Detailed structure of Faster-Net Block

Training

The training was also conducted on a high-performance computer with the following specifications: 32 GB RAM, i5-13400F CPU, and NVIDIA GeForce RTX 4060Ti 16G GPU. The dataset was divided into two distinct subsets: a training set (80%) and a validation set (20%). The former was employed to train the model, while the latter was utilised to assess the model’s inference accuracy and speed.
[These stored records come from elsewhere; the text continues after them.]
Lemma rpow_plus a r s : 0 <= a -> rpow a (r + s) = rpow a r * rpow a s.
Proof.
  intros [Ha | <-]; [rewrite !rpow_Rpower by lra; apply Rpower_plus | rewrite !rpow_0l; ring].
Qed.

Lemma rpow_le_base a r : 0 <= a <= 1 -> 1 <= r -> rpow a r <= a.
Proof.
  intros Ha Hr. replace r with (1 + (r - 1)) by ring.
  destruct Ha as [[Ha | <-] Ha1]; [| rewrite rpow_0l; lra].
  rewrite rpow_plus, (rpow_Rpower a 1), Rpower_1 by lra.
  assert (rpow a (r - 1) <= 1).
  { destruct (Req_dec r 1) as [-> | Hr1].
    - rewrite Rminus_diag, rpow_Rpower, Rpower_O by lra. lra.
    - rewrite <- (rpow_1l (r - 1)) at 2. apply rpow_le; lra. }
  pose proof (rpow_ge0 a (r - 1)). nra.
Qed.

Lemma rpow_div_le x c r : 0 <= x -> 1 <= c -> 1 <= r -> rpow (x / c) r <= rpow x r / c.
Proof.
  intros Hx Hc Hr. assert (Hinv : 0 < / c <= 1).
  { split; [apply Rinv_0_lt_compat; lra | rewrite <- Rinv_1; apply Rinv_le_contravar; lra]. }
  unfold Rdiv. rewrite rpow_mult by lra.
  pose proof (rpow_le_base (/ c) r ltac:(lra) Hr). pose proof (rpow_ge0 x r).
  apply Rmult_le_compat_l; lra.
Qed.

Lemma rpow_pow2_mult (n : nat) r y : 0 < r -> 0 <= y ->
  2 ^ n * rpow y r = rpow (Rpower 2 (INR n / r) * y) r.
Proof.
  intros Hr [Hy | <-]; [| rewrite Rmult_0_r, rpow_0l; ring].
  rewrite !rpow_Rpower by (try apply Rmult_lt_0_compat; try apply Rpower_gt0; lra).
  rewrite <- Rpower_mult_distr, Rpower_mult by (try apply Rpower_gt0; lra).
  replace (INR n / r * r) with (INR n) by (field; lra).
  rewrite Rpower_pow by lra. reflexivity.
Qed.

Lemma rpow_Rabs_sub_le a b r : 0 <= a -> 0 <= b -> 0 < r ->
  rpow (Rabs (a - b)) r <= rpow a r + rpow b r.
Proof.
  intros Ha Hb Hr. pose proof (rpow_ge0 a r). pose proof (rpow_ge0 b r).
  assert (rpow (Rabs (a - b)) r <= rpow (Rmax a b) r); [| unfold Rmax in *; destruct Rle_dec; lra].
  apply rpow_le; [lra |]. split; [apply Rabs_pos |].
  unfold Rmax, Rabs; destruct Rle_dec, Rcase_abs; lra.
Qed.

Lemma Rdiv_lt_swap a x y : 0 < x -> 0 < y -> a / x < y -> a / y < x.
Proof.
  intros Hx Hy H. apply (Rmult_lt_compat_r x) in H; [| exact Hx].
  replace (a / x * x) with a in H by (field; lra).
  apply (Rmult_lt_reg_r y); [exact Hy |]. replace (a / y * y) with a by (field; lra). lra.
Qed.

Lemma inv_INR_succ_range n : 0 < / (INR n + 1) <= 1.
Proof.
  pose proof (pos_INR n). split; [apply Rinv_0_lt_compat; lra |].
  rewrite <- Rinv_1. apply Rinv_le_contravar; lra.
Qed.

Lemma pow2_gt0 n : 0 < 2 ^ n.
Proof. apply pow_lt; lra. Qed.

Lemma pow2_lt_mono m n : (m < n)%nat -> 2 * 2 ^ m <= 2 ^ n.
Proof. intro H. change (2 * 2 ^ m) with (2 ^ S m). apply Rle_pow; [lra | lia]. Qed.

Lemma Rmax0_lipschitz a b : Rabs (Rmax 0 a - Rmax 0 b) <= Rabs (a - b).
Proof. unfold Rmax, Rabs. repeat destruct Rle_dec; repeat destruct Rcase_abs; lra. Qed.

Lemma ln_1_plus_lt x : 0 < x -> ln (1 + x) < x.
Proof.
  intro Hx. rewrite <- (ln_exp x) at 2. apply ln_increasing; [lra |]. apply exp_ineq1. lra.
Qed.
(* Fix $j\in\{1,\dots,p\}$. Along the Lasso path defined below, the functions $\lambda\mapsto\|z_j(\lambda)\|_2$, $\lambda\mapsto\eta_j(\lambda)$ and $\lambda\mapsto\hat\sigma_j(\lambda)$ are nondecreasing on $(0,\infty)$, and $\tau_j(\lambda)\le 1/\|z_j(\lambda)\|_2$ for every $\lambda>0$. Moreover, if $\hat\gamma_j(\lambda)\neq 0$, then $\eta_j(\lambda)=\lambda n/\|z_j(\lambda)\|_2$.
   Context: $X=(x_1,\dots,x_p)\in\mathbb{R}^{n\times p}$ is a deterministic matrix with columns normalized so that $\|x_j\|_2^2=n$ for all $j$; $X_{-j}$ denotes the $n\times(p-1)$ matrix with columns $x_k$, $k\neq j$. For $\lambda>0$ let $\hat\gamma_j(\lambda)\in\arg\min_{b\in\mathbb{R}^{p-1}}\{\|x_j-X_{-j}b\|_2^2/(2n)+\lambda\|b\|_1\}$ (a Lasso solution; the residual below does not depend on which solution is chosen), $z_j(\lambda)=x_j-X_{-j}\hat\gamma_j(\lambda)$, $\eta_j(\lambda)=\max_{k\neq j}|x_k^Tz_j(\lambda)|/\|z_j(\lambda)\|_2$, $\tau_j(\lambda)=\|z_j(\lambda)\|_2/|x_j^Tz_j(\lambda)|$. Also let $\hat\sigma_j(\lambda)$ be the $\sigma$-component of the minimizer over $(b,\sigma)$, $\sigma\ge 0$, of $\|x_j-X_{-j}b\|_2^2/(2n\sigma)+\sigma/2+\lambda\|b\|_1$ (the scaled Lasso noise-level estimate for regressing $x_j$ on $X_{-j}$). *)

From HB Require Import structures.
From mathcomp Require Import all_boot all_order all_algebra.
Set Implicit Arguments. Unset Strict Implicit. Unset Printing Implicit Defensive.
Import Order.TTheory GRing.Theory Num.Theory.
Local Open Scope ring_scope.

Section LassoDefs.
Variable R : rcfType.

Definition norm2 (m : nat) (v : 'cV[R]_m) : R :=
  Num.sqrt (\sum_i v i 0 ^+ 2).

Definition sqnorm2 (m : nat) (v : 'cV[R]_m) : R := \sum_i v i 0 ^+ 2.

Definition l1norm (m : nat) (b : 'cV[R]_m) : R := \sum_i `|b i 0|.

Definition dotv (m : nat) (u v : 'cV[R]_m) : R := \sum_i u i 0 * v i 0.

Definition resid (n p : nat) (X : 'M[R]_(n, p)) (j : 'I_p) (b : 'cV[R]_p.-1)
  : 'cV[R]_n := col j X - col' j X *m b.

Definition lasso_obj (n p : nat) (X : 'M[R]_(n, p)) (j : 'I_p) (lam : R)
  (b : 'cV[R]_p.-1) : R :=
  sqnorm2 (resid X j b) / (2 * n)%:R + lam * l1norm b.
(* geom_sum is a polynomial in c, hence continuous. *)
Lemma is_lim_seq_geom_sum (u : nat -> R) (l : R) (K : nat) :
  is_lim_seq u l -> is_lim_seq (fun n => geom_sum (u n) K) (geom_sum l K).
Proof.
  intros H. induction K as [|K IH].
  - apply is_lim_seq_const.
  - apply (is_lim_seq_ext (fun n => u n * (geom_sum (u n) K + 1))).
    { intros n. symmetry. apply geom_sum_S. }
    rewrite geom_sum_S. apply is_lim_seq_mult'; [exact H|].
    apply is_lim_seq_plus'; [exact IH | apply is_lim_seq_const].
Qed.

Lemma is_lim_seq_sub_inv (a b : R) : is_lim_seq (fun n => a - b * / INR n) a.
Proof.
  replace (Finite a) with (Finite (a - b * 0)) by (f_equal; ring).
  apply is_lim_seq_minus'; [apply is_lim_seq_const|].
  apply (is_lim_seq_scal_l _ b 0), is_lim_seq_inv_INR.
Qed.

Section QLimit.
Variable d : nat.
Hypothesis Hd : (2 <= d)%nat.

Let c : R := / INR d.

Lemma c_bounds : 0 < c < 1.
Proof.
  unfold c. assert (2 <= INR d) by (apply (le_INR 2); lia).
  split; [apply Rinv_0_lt_compat; lra|]. rewrite <- Rinv_1. apply Rinv_lt_contravar; lra.
Qed.

Lemma lower_ratio_limit (K : nat) : is_lim_seq (fun m => INR (m - K) / INR (d * m)) c.
Proof.
  apply (is_lim_seq_ext_loc (fun m => c - INR K * c * / INR m)); [|apply is_lim_seq_sub_inv].
  exists (S K). intros m Hm. rewrite minus_INR, mult_INR by lia. unfold c.
  assert (0 < INR m) by (apply lt_0_INR; lia). assert (0 < INR d) by (apply lt_0_INR; lia).
  field. lra.
Qed.

Lemma upper_ratio_limit (K : nat) :
  is_lim_seq (fun m => (INR m / INR (d * m - K)) / (1 - INR m / INR (d * m - K)))
             (c / (1 - c)).
Proof.
  pose proof c_bounds. assert (2 <= INR d) by (apply (le_INR 2); lia).
  assert (Hy : is_lim_seq (fun m => INR m / INR (d * m - K)) c).
  { apply (is_lim_seq_ext_loc (fun m => / (INR d - INR K * / INR m))).
    - exists (S K). intros m Hm. assert (0 < INR m) by (apply lt_0_INR; lia).
      assert (INR K < INR m) by (apply lt_INR; lia).
      rewrite minus_INR, mult_INR by nia.
      replace (INR d - INR K * / INR m) with ((INR d * INR m - INR K) / INR m)
        by (field; lra).
      assert (INR K < INR d * INR m) by nra.
      field. lra.
    - apply (is_lim_seq_inv _ (INR d)); [apply is_lim_seq_sub_inv|].
      intros E; injection E; lra. }
  apply is_lim_seq_div'; [exact Hy | | lra].
  apply is_lim_seq_minus'; [apply is_lim_seq_const | exact Hy].
Qed.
A batch size of 16 was employed, with an initial learning rate of 0.01 and a total of 400 epochs. The number of training observation rounds that can be specified by YOLOv8 is 90. Should the model's accuracy not improve following 90 training rounds, the model will automatically cease training.

Result

The result of object detection and contrast experiment

The loss curve during the training process is shown in the figure, and the loss gradually decreases. During training and validation, the loss values converged to 0.26 and 0.55, respectively (Fig. 6).

Fig. 6
figure 6

Performance parameters of model training

The number of pixels correctly classified as positive samples is represented by TP; the number of pixels correctly classified as negative samples is represented by FN; the number of error pixels in negative samples is represented by FP; and the number of pixels with errors in positive samples is represented by TN. These values can be calculated using a pixel-based confusion matrix (Fig. 7).

Fig. 7
figure 7

Confusion matrix

The corresponding precision-recall curve is shown in the figure. As the recall rate increases, the precision value remains stable at around 0.9. (Fig. 8) This also means that the model can make high-quality predictions.

Fig. 8
figure 8

Precision-recall curve

To verify the validity of the models, the YOLOv8 model was compared with the current state-of-the-art models, YOLOv7, YOLOv9, and Faster-CNN, in the comparison experiments. Four metrics, mAP50, mAP50-95, Params (parameters), GFLOPs (Giga Floating Point Operations Per Second), were chosen to compare the accuracy and model size and complexity of different models.

Among them:

  • (1) mAP50: denotes the average of the mean accuracies across all categories at ioU (intersection and concatenation ratio) = 0.5, which is a key metric for evaluating the overall performance of the object detection algorithm. An increase in the mAP50 reflects an improvement in the performance of the model in all categories.

  • (2) mAP50-95 indicates that mAP is calculated every 0.05 when ioU is 0.5-0.95 respectively, and the average of the mean accuracy of each category under 10 ioU values is calculated. It can more accurately assess the performance of the model under different ioU thresholds.

  • (3) GFLOPs (Giga Floating Point Operations Per Second): GFLOPs is a measure of the number of floating-point operations per second in the inference phase of a neural network model. It represents the amount of computation required by the model and is often used to evaluate the computational efficiency and speed of the model. Higher GFLOPs mean that the model requires more computational resources to perform the inference task.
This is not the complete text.